Says Lethem: “These days everything has to have a clear market value, a proven use for mercantile culture. Well, art doesn’t pass that test very naturally. You can make the art gesture into something the marketplace values. But it’s always distorting and grotesque.” (The awkward fit reminds him of the Philip K. Dick story “The Preserving Machine,” about a scientist who tries to convert treasured musical scores into animals that can survive an apocalypse – with unpleasant results.)


In some ways, the obsession with economics – both inside and outside the arts – is driven by economics itself. “Forty years ago,” says Plagens, who chronicled the West Coast art scene of the ‘60s and ‘70s in a gem of a book, “Sunshine Muse,” “you rented an art gallery for not much money, and bought a few gallons of white paint. Now you need investors and backers and all sorts of digital technology. So there’s a bigger emphasis on having a business plan than the old bohemian model.”
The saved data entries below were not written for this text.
(* Let $A,B\in\mathrm{SL}_2\mathbb{R}$ be noncommuting, coherently oriented, both hyperbolic, and assume their translation axes intersect. If $[a]\le[b]$, then $b$ is an optimal word, and so is $a$ provided $[a]=[b]$. There are no other optimal words.
   Context: Setting: $A,B$ have trace $\ge2$; hyperbolic means trace $>2$, with attracting/repelling fixed points $\alpha^\pm$ (for $A$), $\beta^\pm$ (for $B$) in $\partial\mathcal{H}=\mathbb{P}^1\mathbb{R}$; the translation axis is the hyperbolic geodesic joining the two fixed points. Coherent orientation: with $\partial\mathcal{H}$ cyclically ordered and $[\alpha,\beta]$ the closed counterclockwise interval from $\alpha$ to $\beta$, let $I^+=\{\alpha^+\}$ if $\alpha^+=\beta^+$, and otherwise the one of $[\alpha^+,\beta^+],[\beta^+,\alpha^+]$ mapped into itself by both $A$ and $B$ (if it exists); define $I^-$ likewise with $A^{-1},B^{-1},\alpha^-,\beta^-$; the pair is coherently oriented if both exist. Words: $F_2^+$ is the free semigroup of nonempty words over $\{a,b\}$, $|w|$ the length, $\phi$ the homomorphism with $\phi(a)=A,\phi(b)=B$, and $[w]=\mathrm{tr}(\phi(w))$. Define $w\preceq u$ iff $[w^{|u|}]\le[u^{|w|}]$; $w$ is maximal if $u\preceq w$ for all $u\in F_2^+$. A Lyndon word is one strictly smaller in the lexicographic order (with $a<b$) than each of its proper rotations. A complete set of optimal words is a subset $\{v_1,v_2,\dots\}\subseteq F_2^+$ of pairwise distinct maximal Lyndon words such that every maximal word is a power of a rotation of some $v_i$; such a set is unique if it exists, and a word is optimal if it belongs to it. *)

From HB Require Import structures.
From mathcomp Require Import all_boot all_order all_algebra.
From mathcomp Require Import reals.
Set Implicit Arguments. Unset Strict Implicit. Unset Printing Implicit Defensive.
Import Order.TTheory GRing.Theory Num.Theory.
Local Open Scope ring_scope.

Section Defs.
Variable R : realType.

(* Some x = the real point x, None = ∞. *)
Definition P1 := option R.

Definition vec_of (p : P1) : 'cV[R]_2 :=
  match p with
  | Some x => \col_(i < 2) [:: x; 1]`_i
  | None => \col_(i < 2) [:: 1; 0]`_i
  end.

Definition point_of (v : 'cV[R]_2) : P1 :=
  if v (@ord_max 1) 0 != 0 then Some (v (@ord0 1) 0 / v (@ord_max 1) 0) else None.

Definition act (M : 'M[R]_2) (p : P1) : P1 := point_of (M *m vec_of p).

Definition attracting (M : 'M[R]_2) (p : P1) : Prop :=
  exists (v : 'cV[R]_2) (l : R), [/\ v != 0, M *m v = l *: v, 1 < `|l| & p = point_of v].
Definition repelling (M : 'M[R]_2) (p : P1) : Prop :=
  exists (v : 'cV[R]_2) (l : R), [/\ v != 0, M *m v = l *: v, `|l| < 1 & p = point_of v].

Definition hyperbolic (M : 'M[R]_2) : Prop := 2 < \tr M.

(* ---------- cyclic order on P^1 (counterclockwise = increasing on R, then ∞) *)
Definition ple (x y : P1) : bool :=
  match x, y with
  | _, None => true
  | None, Some _ => false
  | Some x, Some y => x <= y
  end.

(* x lies in the closed counterclockwise interval [a, b] *)
Definition ccw_in (a b x : P1) : bool :=
  if ple a b then ple a x && ple x b else ple a x || ple x b.

Definition maps_into_itself (M : 'M[R]_2) (a b : P1) : Prop :=
  forall x, ccw_in a b x -> ccw_in a b (act M x).

Definition Iexists (M N : 'M[R]_2) (p q : P1) : Prop :=
  p = q \/
  (maps_into_itself M p q /\ maps_into_itself N p q) \/
  (maps_into_itself M q p /\ maps_into_itself N q p).

Definition coherently_oriented (A B : 'M[R]_2) (ap am bp bm : P1) : Prop :=
  Iexists A B ap bp /\ Iexists (invmx A) (invmx B) am bm.

Definition geodesic (p q : P1) (z : R * R) : Prop :=
  0 < z.2 /\
  match p, q with
  | Some p, Some q => (z.1 - (p + q) / 2) ^+ 2 + z.2 ^+ 2 = ((p - q) / 2) ^+ 2
  | Some p, None => z.1 = p
  | None, Some q => z.1 = q
  | None, None => False
  end.

Definition axes_intersect (ap am bp bm : P1) : Prop :=
  exists z, geodesic ap am z /\ geodesic bp bm z.

(* ---------- words over {a, b}: a = false, b = true, with a < b ---------- *)
Definition word := seq bool.

Definition phi (A B : 'M[R]_2) (w : word) : 'M[R]_2 :=
  foldr (fun c M => (if c then B else A) *m M) 1%:M w.

Definition wtr (A B : 'M[R]_2) (w : word) : R := \tr (phi A B w).

Definition wpow (n : nat) (w : word) : word := flatten (nseq n w).

Definition wle (A B : 'M[R]_2) (w u : word) : Prop :=
  wtr A B (wpow (size u) w) <= wtr A B (wpow (size w) u).

Definition maximal (A B : 'M[R]_2) (w : word) : Prop :=
  w != [::] /\ forall u : word, u != [::] -> wle A B u w.

End Defs.

Fixpoint lexlt (u v : word) : bool :=
  match u, v with
  | [::], [::] => false
  | [::], _ :: _ => true
  | _ :: _, [::] => false
  | x :: u', y :: v' => (~~ x && y) || ((x == y) && lexlt u' v')
  end.

Definition lyndon (w : word) : Prop :=
  w != [::] /\ forall k, (0 < k < size w)%N -> lexlt w (rot k w).

Section Optimal.
Variable R : realType.

Definition complete_optimal (A B : 'M[R]_2) (V : word -> Prop) : Prop :=
  (forall v, V v -> maximal A B v /\ lyndon v) /\
  (forall w, maximal A B w ->
     exists v, V v /\ exists k n : nat, w = wpow n (rot k v)).

(* w is optimal: it belongs to the (unique, if existing) complete set *)
Definition optimal (A B : 'M[R]_2) (w : word) : Prop :=
  exists V, complete_optimal A B V /\ V w.
End Optimal.

From HB Require Import structures.
From mathcomp Require Import all_boot all_order all_algebra.
From mathcomp Require Import reals ring lra.
Set Implicit Arguments. Unset Strict Implicit. Unset Printing Implicit Defensive.
Import Order.TTheory GRing.Theory Num.Theory.
Local Open Scope ring_scope.

(* Conjugating by the affine map that sends i to the intersection point of the two axes makes
   A and B symmetric without changing any trace [w].  A symmetric matrix of determinant 1 and
   trace t > 2 has Euclidean operator norm mu(t), the larger root of X^2 - t X + 1, and a matrix
   of determinant 1 and operator norm at most l has trace at most l + 1/l.  With mu = mu([b]) >=
   mu([a]), every word u of length n thus satisfies [u] <= mu^n + mu^-n = [b^n].  The inequality
   is strict when u contains a and [a] < [b], and when u contains ab or ba: equality would make a
   vector a common mu-eigenvector of two distinct symmetric matrices with the same trace.  Hence
   the maximal words are the powers of b, and also those of a when [a] = [b], and the only Lyndon
   words among them are b and a. *)

Section TwoByTwo.
Variable R : comNzRingType.
Implicit Types (M N : 'M[R]_2) (u v : 'cV[R]_2).

Lemma ord2P (i : 'I_2) : i = 0 \/ i = 1.
Proof. by case: i => [[|[|//]] ?]; [left | right]; apply: val_inj. Qed.

Lemma sum2E (F : 'I_2 -> R) : \sum_(i < 2) F i = F 0 + F 1.
Proof. by rewrite !big_ord_recl big_ord0 addr0; congr (F _ + F _); apply: val_inj. Qed.

Lemma mx2P M N :
  M 0 0 = N 0 0 -> M 0 1 = N 0 1 -> M 1 0 = N 1 0 -> M 1 1 = N 1 1 -> M = N.
Proof.
by move=> *; apply/matrixP => i j; case: (ord2P i) => ->; case: (ord2P j) => ->.
Qed.

Lemma col2P u v : u 0 0 = v 0 0 -> u 1 0 = v 1 0 -> u = v.
Proof. by move=> *; apply/matrixP => i j; rewrite ord1; case: (ord2P i) => ->. Qed.

Lemma mulmx2E m n (M : 'M[R]_(m, 2)) (N : 'M[R]_(2, n)) i j :
  (M *m N) i j = M i 0 * N 0 j + M i 1 * N 1 j.
Proof. by rewrite mxE sum2E. Qed.

Lemma tr2E M : \tr M = M 0 0 + M 1 1.
Proof. by rewrite /mxtrace sum2E. Qed.

Lemma det2E M : \det M = M 0 0 * M 1 1 - M 0 1 * M 1 0.
Proof.
rewrite (expand_det_row _ 0) sum2E /cofactor !det_mx11 !mxE /=.
have -> : lift (0 : 'I_2) 0 = 1 by apply: val_inj.
have -> : lift (1 : 'I_2) 0 = 0 by apply: val_inj.
by rewrite expr0 expr1 mul1r mulN1r mulrN.
Qed.

Lemma sym2P M : M^T = M <-> M 0 1 = M 1 0.
Proof.
split=> [symM | e]; first by rewrite -[in LHS]symM mxE.
by apply: mx2P; rewrite !mxE.
Qed.

Definition mx2 (a b c d : R) : 'M[R]_2 :=
  \matrix_(i, j) if i == 0 then (if j == 0 then a else b) else (if j == 0 then c else d).

Definition col2 (x y : R) : 'cV[R]_2 := \col_i if i == 0 then x else y.

Lemma cayley_hamilton2 M : M *m M = \tr M *: M - (\det M)%:M.
Proof. apply: mx2P; rewrite !(mulmx2E, mxE) tr2E det2E /=; ring. Qed.

Lemma mxtrace_exp M (mu nu : R) : \det M = 1 -> mu * nu = 1 -> mu + nu = \tr M ->
  forall n, \tr (M ^+ n) = mu ^+ n + nu ^+ n.
Proof.
move=> detM mu_nu trM.
have rec n : \tr (M ^+ n.+2) = \tr M * \tr (M ^+ n.+1) - \tr (M ^+ n).
  rewrite exprS exprS mulrA -!mulmxE cayley_hamilton2 detM mulmxBl mul_scalar_mx.
  by rewrite -scalemxAl scale1r linearB /= mxtraceZ.
suff pair n : \tr (M ^+ n) = mu ^+ n + nu ^+ n /\
              \tr (M ^+ n.+1) = mu ^+ n.+1 + nu ^+ n.+1 by move=> n; case: (pair n).
elim: n => [|n [IH1 IH2]]; first by rewrite mxtrace1 -trM.
split=> //; rewrite rec IH1 IH2 -trM.
have -> : mu ^+ n.+2 + nu ^+ n.+2 =
  (mu + nu) * (mu ^+ n.+1 + nu ^+ n.+1) - mu * nu * (mu ^+ n + nu ^+ n) by rewrite !exprS; ring.
by rewrite mu_nu mul1r.
Qed.

Lemma mxtrace_sqr_defect M k :
  (k + \det M) ^+ 2 - k * \tr M ^+ 2 = \det (k%:M - M^T *m M) + k * (M 0 1 - M 1 0) ^+ 2.
Proof. rewrite !det2E tr2E !(mulmx2E, mxE) /=; ring. Qed.

End TwoByTwo.

Section Conjugation.
Variables (R : comNzRingType) (n : nat) (P Q : 'M[R]_n).
Hypothesis PQ : P *m Q = 1%:M.

Lemma conj_mul X Y : (Q *m X *m P) *m (Q *m Y *m P) = Q *m (X *m Y) *m P.
Proof. by rewrite -!mulmxA (mulmxA P Q) PQ mul1mx. Qed.

Lemma conj_inj : injective (fun X => Q *m X *m P).
Proof.
have K X : P *m (Q *m X *m P) *m Q = X by rewrite !mulmxA PQ mul1mx -mulmxA PQ mulmx1.
by move=> X Y /= eXY; rewrite -[X]K -[Y]K eXY.
Qed.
The final irony is that these are times when we most need the arts but seem the most resistant to culture and the people who produce it.


Despite the crisis in the creative fields in general, mass-distributed entertainment is in a boom cycle. (Movies, because they cost consumers less than most live entertainment, is typically counter-cyclical.) “Popular art and commercial art is a form of escape,” says Plagens. “It’s what people want, especially in hard times; it’s what you got in the ‘30s, with movies about the heiress who disguises herself as a poor working girl, and so on,” which he sees as the precursor to the tidal wave of sequels, remakes and lame romantic comedies.


“Serious art – novels, what you have in the galleries – brings you back to reality and makes you look at your life. Serious art makes people uncomfortable – and during these times, we don’t need more discomfort.”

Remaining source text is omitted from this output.